In the United States, 25% to 30% of the population rely on their voice as the primary tool for their occupation.7 The disability of an impaired voice has major ramifications on one's work productivity and effectiveness and may require job accommodations or even result in loss of employment. The Americans with Disabilities Act Amendments Act (ADAAA) of 2008 recognizes “speaking and communicating” disorders, prohibits discrimination, and ensures equal opportunity for persons with such disabilities, including making accommodations for communicative disability.8
Researchers have made efforts to understand how a patient's voice affects his or her job status.9, 10, 11 However, to our knowledge, only two single‐institution case series have evaluated the vocational impact of UVFP. One study found that 65% of those with UVFP reported moderate to extremely adverse effects on their future career options, and approximately 30% changed jobs.12 The other study reported that 27% of patients with UVFP required employment change even after undergoing definitive type I thyroplasty to correct their glottal insufficiency.13 Neither study evaluated the need for job accommodations or which occupations were most affected by the UVFP‐related communicative disability.
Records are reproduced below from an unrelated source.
Lemma has_card_ext (P Q : A -> Prop) m :
  (forall x, P x <-> Q x) -> has_card P m -> has_card Q m.
Proof.
  intros PQ [l (N & I & L)]. exists l. repeat split; auto.
  - intros Hx. apply PQ, I, Hx.
  - intros Hx. apply I, PQ, Hx.
Qed.

Lemma has_card_filter (P : A -> Prop) (f : A -> bool) (l : list A) :
  NoDup l -> (forall x, P x -> In x l) -> (forall x, f x = true <-> P x) ->
  has_card P (length (filter f l)).
Proof.
  intros N Pl fP. exists (filter f l). repeat split.
  - apply NoDup_filter, N.
  - rewrite filter_In. intros [_ fx]. apply fP, fx.
  - intros Px. apply filter_In. split; [apply Pl, Px | apply fP, Px].
Qed.

Lemma has_card_0 (P : A -> Prop) : (forall x, ~ P x) -> has_card P 0.
Proof.
  intros nP. exists []. repeat split; [constructor | intros [] | apply nP].
Qed.

Lemma has_card_1 (P : A -> Prop) a : (forall x, P x <-> x = a) -> has_card P 1.
Proof.
  intros Pa. exists [a]. repeat split.
  - repeat constructor. intros [].
  - intros [<- | []]. apply Pa. reflexivity.
  - intros Px. left. symmetry. apply Pa, Px.
Qed.

Lemma has_card_union (P Q : A -> Prop) m1 m2 :
  has_card P m1 -> has_card Q m2 -> (forall x, P x -> Q x -> False) ->
  has_card (fun x => P x \/ Q x) (m1 + m2).
Proof.
  intros [l1 (N1 & I1 & <-)] [l2 (N2 & I2 & <-)] PQ. exists (l1 ++ l2). repeat split.
  - apply NoDup_app; auto. intros x H1 H2. apply (PQ x); [apply I1 | apply I2]; auto.
  - rewrite in_app_iff, I1, I2. auto.
  - rewrite in_app_iff, I1, I2. auto.
  - apply length_app.
Qed.

Lemma has_card_bij (P : A -> Prop) (Q : B -> Prop) (g : B -> A) m :
  has_card Q m -> (forall y, Q y -> P (g y)) ->
  (forall y1 y2, Q y1 -> Q y2 -> g y1 = g y2 -> y1 = y2) ->
  (forall x, P x -> exists y, Q y /\ x = g y) -> has_card P m.
Proof.
  intros [l (N & I & <-)] gQP g_inj g_onto. exists (map g l). repeat split.
  - apply NoDup_map_NoDup_ForallPairs; auto.
    intros y1 y2 H1 H2. apply g_inj; apply I; auto.
  - rewrite in_map_iff. intros (y & <- & Hy). apply gQP, I, Hy.
  - intros Px. apply in_map_iff. destruct (g_onto x Px) as (y & Qy & ->).
    exists y. split; [reflexivity | apply I, Qy].
  - apply length_map.
Qed.

Lemma NoDup_list_prod (l1 : list A) (l2 : list B) :
  NoDup l1 -> NoDup l2 -> NoDup (list_prod l1 l2).
Proof.
  intros N1 N2. induction N1 as [| x l1 Hx N1 IH]; cbn; [constructor |].
  apply NoDup_app; auto.
  - apply NoDup_map_NoDup_ForallPairs; auto. intros y1 y2 _ _ E. injection E; auto.
  - intros p Hp Hp'. apply in_map_iff in Hp as (y & <- & _).
    apply in_prod_iff in Hp' as [Hx' _]. contradiction.
Qed.

Lemma has_card_prod (P : A -> Prop) (Q : B -> Prop) m1 m2 :
  has_card P m1 -> has_card Q m2 ->
  has_card (fun p => P (fst p) /\ Q (snd p)) (m1 * m2).
Proof.
  intros [l1 (N1 & I1 & <-)] [l2 (N2 & I2 & <-)]. exists (list_prod l1 l2). split; [| split].
  - apply NoDup_list_prod; auto.
  - intros [x y]. rewrite in_prod_iff, I1, I2. reflexivity.
  - apply length_prod.
Qed.

End HasCard.

Lemma has_card_double {A : Type} (P E : A -> Prop) (s : A -> A) m :
  (forall x, P x -> P (s x)) -> (forall x, s (s x) = x) ->
  (forall x, P x -> E x \/ E (s x)) -> (forall x, P x -> E x -> E (s x) -> False) ->
  has_card (fun x => P x /\ E x) m -> has_card P (2 * m).
Proof.
  intros Ps ss EsE excl HE. replace (2 * m)%nat with (m + m)%nat by lia.
  eapply has_card_ext; [| apply has_card_union with (Q := fun x => P x /\ E (s x));
    [exact HE | eapply has_card_bij with (g := s); [exact HE | .. ] | ]].
  - intros x. split; [intros [[Px _] | [Px _]]; exact Px |].
    intros Px. destruct (EsE x Px); auto.
  - intros x [Px Ex]. rewrite ss. auto.
  - intros x1 x2 _ _ E12. rewrite <- (ss x1), E12. apply ss.
  - intros x [Px Esx]. exists (s x). rewrite ss. auto.
  - intros x [Px Ex] [_ Esx]. exact (excl x Px Ex Esx).
Qed.

Fixpoint nat_sum (f : nat -> nat) (k : nat) : nat :=
  match k with O => f O | S k' => nat_sum f k' + f k end%nat.

Definition nat_conv (c d : nat -> nat) (n : nat) : nat :=
  nat_sum (fun i => c i * d (n - i))%nat n.

Open Scope Z_scope.

Definition fiber_card {A : Type} (h : A -> Z) (c : nat -> nat) : Prop :=
  forall i : nat, has_card (fun x => h x = Z.of_nat i) (c i).

Lemma fiber_card_add {A B : Type} (h1 : A -> Z) (h2 : B -> Z) c1 c2 :
  (forall x, 0 <= h1 x) -> (forall y, 0 <= h2 y) ->
  fiber_card h1 c1 -> fiber_card h2 c2 ->
  fiber_card (fun p => h1 (fst p) + h2 (snd p)) (nat_conv c1 c2).
Proof.
  intros h1_ge0 h2_ge0 Hc1 Hc2 n.
  assert (partial : forall k, (k <= n)%nat ->
    has_card (fun p => h1 (fst p) + h2 (snd p) = Z.of_nat n /\ h1 (fst p) <= Z.of_nat k)
      (nat_sum (fun i => c1 i * c2 (n - i))%nat k)).
  { induction k as [| k IH]; intros Hk; cbn [nat_sum].
    - eapply has_card_ext; [| apply has_card_prod; [apply (Hc1 0%nat) | apply (Hc2 (n - 0)%nat)]].
      intros [x y]; cbn. rewrite Nat.sub_0_r. specialize (h1_ge0 x). lia.
    - eapply has_card_ext; [| apply has_card_union;
        [apply IH; lia | apply has_card_prod; [apply (Hc1 (S k)) | apply (Hc2 (n - S k)%nat)] |]].
      + intros [x y]; cbn. rewrite Nat2Z.inj_sub by exact Hk. lia.
      + intros [x y]; cbn. lia. }
  eapply has_card_ext; [| apply (partial n); lia].
  intros [x y]; cbn. specialize (h2_ge0 y). lia.
Qed.

Lemma tri_double x : 2 * tri x = x * (x + 1).
Proof.
  unfold tri. destruct (Z.Even_or_Odd x) as [[k ->] | [k ->]].
  - replace (2 * k * (2 * k + 1)) with (k * (2 * k + 1) * 2) by ring.
    rewrite Z.div_mul by lia. ring.
  - replace ((2 * k + 1) * (2 * k + 1 + 1)) with ((2 * k + 1) * (k + 1) * 2) by ring.
    rewrite Z.div_mul by lia. ring.
Qed.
UVFP has major impacts on job productivity and employment status, but it is less clear what the magnitude is and which occupations are most affected. We attempt to address this knowledge gap by leveraging the vocal Cord Paralysis Experience (CoPE) Collaborative, composed of 34 US tertiary care centers who prospectively collect data on patients with UVFP,14 to estimate the US population‐level impact of UVFP on job accommodations and job loss.
Methods
Details of the study protocol, inclusion criteria, study design, item development, cognitive interviews, and conceptual model have been published.4, 5, 14 Consequently, the methods are described in brief and focus on those relevant to the occupational impact of UVFP. The study was approved by the Committee for the Protection of Human Subjects at the University of Wisconsin (IRB No. 2017‐1259).
Patient Population
To ensure a representative, national cohort of patients with UVFP, we formed the CoPE Collaborative, composed of 34 US tertiary care institutions and does not include VA medical centers (Supplemental Table S2, available online). Patients with UVFP were enrolled regardless of treatment status or time since diagnosis. Patients were excluded if they had bilateral vocal fold movement abnormalities, chronic voice disorders, dysphagia, or pulmonary disease that predated UVFP onset.
Data Collection
Patients were electronically consented to on enrollment before completing the baseline survey. Patients' survey responses were captured using a Health Insurance Portability and Accountability Act (HIPAA)‐compliant online portal from April 2019 to April 2021. At baseline, participants completed items related to the CoPE patient‐reported outcome measure (PROM) development,14 a comorbidity questionnaire modified from the Behavioral Risk Factor Surveillance System,15 a UVFP disease questionnaire, and several existing PROMs that measure communication, eating, and quality of life.16, 17, 18 After baseline data collection, participants completed the disease questionnaire and PROM items three times (every 2 months).
Baseline surveys inquired about participants' demographics, diagnosis, symptoms, treatment, type of work, work status, and whether they requested job accommodations due to their UVFP. A “job accommodation” is defined as an adjustment to a job or work environment that makes it possible for an individual with a disability to perform their job duties.19 Participants were also asked if they had ever left a job due to their UVFP. Although accommodations can be requested for voice disorders,8 the specific types of work accommodations requested by the CoPE cohort were not queried.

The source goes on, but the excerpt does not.